Lemma is_hilbert_pair : is_hilbert ip_pair.
Proof.
split.
- by move=> a v w z; rewrite /ip_pair !(ipDl HX) !(ipZl HX); ring.
- by move=> v w; rewrite /ip_pair (ipC HX v.1) (ipC HX v.2) rmorphD.
- by move=> w; rewrite /ip_pair !(ip_sqnorm HX) -rmorphD ler0c addr_ge0 ?sqnorm_ge0.
- move=> [x1 x2]; rewrite /ip_pair !(ip_sqnorm HX) -rmorphD /= => /complexI x0.
  have := sqnorm_ge0 HX x1; have := sqnorm_ge0 HX x2 => x2_ge0 x1_ge0.
  have -> : x1 = 0 by apply: (sqnorm_le0 HX); lra.
  by have -> : x2 = 0 by apply: (sqnorm_le0 HX); lra.
move=> u cu.
have cuR r : 0 < r -> exists N, forall n m, (N <= n)%N -> (N <= m)%N ->
    sqnorm ip ((u n).1 - (u m).1) + sqnorm ip ((u n).2 - (u m).2) < r.
  move=> r0; have r0' : 0 < r%:C by rewrite ltr0c.
  have [N uN] := cu _ r0'; exists N => n m Nn Nm.
  by have := uN n m Nn Nm; rewrite norm_nsq_pair ltcR sqnorm_pair.
have [x1 ux1] : exists x, sqnorm_cvg ip (fun n => (u n).1) x.
  apply: (sqnorm_cauchy_cvg HX) => r /cuR [N uN]; exists N => n m Nn Nm.
  by have := uN n m Nn Nm; have := sqnorm_ge0 HX ((u n).2 - (u m).2); lra.
have [x2 ux2] : exists x, sqnorm_cvg ip (fun n => (u n).2) x.
  apply: (sqnorm_cauchy_cvg HX) => r /cuR [N uN]; exists N => n m Nn Nm.
  by have := uN n m Nn Nm; have := sqnorm_ge0 HX ((u n).1 - (u m).1); lra.
exists (x1, x2) => e e0; have [-> e0'] := gt0_realE e0.
have [N uN] := (proj2 (cvg_pairP u (x1, x2))) (conj ux1 ux2) _ e0'.
by exists N => n /uN; rewrite norm_nsq_pair ltcR.
Qed.

Definition orth_rel (T : linrel X) : linrel X :=
  fun x y => forall s t, T s t -> ip x s + ip y t = 0.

______

With the line holding "have [x2 ux2]" as the first and the line holding "have [N uN] := (proj2" as the last, please transcribe exactly the lines of the material above in that range and nothing else.

EXERCISE RESPONSE:
have [x2 ux2] : exists x, sqnorm_cvg ip (fun n => (u n).2) x.
  apply: (sqnorm_cauchy_cvg HX) => r /cuR [N uN]; exists N => n m Nn Nm.
  by have := uN n m Nn Nm; have := sqnorm_ge0 HX ((u n).1 - (u m).1); lra.
exists (x1, x2) => e e0; have [-> e0'] := gt0_realE e0.
have [N uN] := (proj2 (cvg_pairP u (x1, x2))) (conj ux1 ux2) _ e0'.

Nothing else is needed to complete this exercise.